After reading all of these passages, from “The Banking Concept” to “Engaged Pedagogy” to “What High School Is”, my belief in the true meaning of education has totally changed. Before I believed education to be what is being taught in schools all over the world, but these authors broadened my horizons and opened my eyes to the true and more in-depth meaning of what education should be. Education should be more than teachers throwing out information and the students memorizing and repeating it on tests and quizzes. Education should be information that means something to the students and what is important information for the students. The education should be what students obtain in schools that will help them believe in things and help to make then successful in life.
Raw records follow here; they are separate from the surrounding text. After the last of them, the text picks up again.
Lemma tsubst_env_lift u s : (fun n => tsubst 0 u (env_lift s n)) = s.
Proof. extensionality n; apply tsubst_tlift. Qed.

Lemma tsubst_scons_env_lift u s :
  (fun n => tsubst 0 u (scons (tVar 0) (env_lift s) n)) = scons u s.
Proof. extensionality n; destruct n; [reflexivity | apply tsubst_tlift]. Qed.

Lemma cps_env_beta_where M s k K u :
  tsubst 0 u (cps_env M (scons (tVar 0) (env_lift s)) (env_lift k) (tlift 0 K)) =
  cps_env M (scons u s) k K.
Proof. rewrite cps_env_tsubst, tsubst_scons_env_lift, tsubst_env_lift, tsubst_tlift; reflexivity. Qed.

Definition env_drop (c : nat) (s : env) : env := fun n => s (if c <=? n then S n else n).
Definition env_insert (d : nat) (a : lterm) (s : env) : env :=
  fun n => if n =? d then a else s (if d <? n then pred n else n).
Definition env_update (d : nat) (a : lterm) (s : env) : env :=
  fun n => if n =? d then a else s n.

Lemma env_drop_0_scons a s : env_drop 0 (scons a s) = s.
Proof. reflexivity. Qed.

Lemma env_drop_scons c a s : env_drop (S c) (scons a s) = scons a (env_drop c s).
Proof. extensionality n; destruct n; unfold env_drop; simpl; [|destruct (c <=? n)]; reflexivity. Qed.

Lemma env_insert_0 a s : env_insert 0 a s = scons a s.
Proof. extensionality n; destruct n; reflexivity. Qed.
Education should be as it is defined by California high school’s goal, “to acquire knowledge and share traditionally accepted academic fundamentals… to develop the ability to make decisions, to solve problems, to reason independently, and to accept responsibility for self-evaluation and continuing self-improvement.” Student won’t be able “to make decision, to solve problems” by taking in only information to pass a test and most likely forget most if not all of it by the end of that semester. Friere said it right when he made the point about how the students and teachers need to work together in order to accomplish a good and formal education. Work Cited
Freire, Paolo. “The Banking Concept of Education”. Considering Literacy. Ed. Linda Adler-Kassner. Boston. Pearson. 2006. 74-84.
Hooks, Bell. “Engaged Pedagogy”. Considering Literacy. Ed. Linda Adler-Kassner. Boston. Pearson. 2006. 67-73.
Sizer, Theodore. “What High School Is”. Considering Literacy. Ed. Linda Adler-Kassner. Boston. Pearson. 2006. 85-94.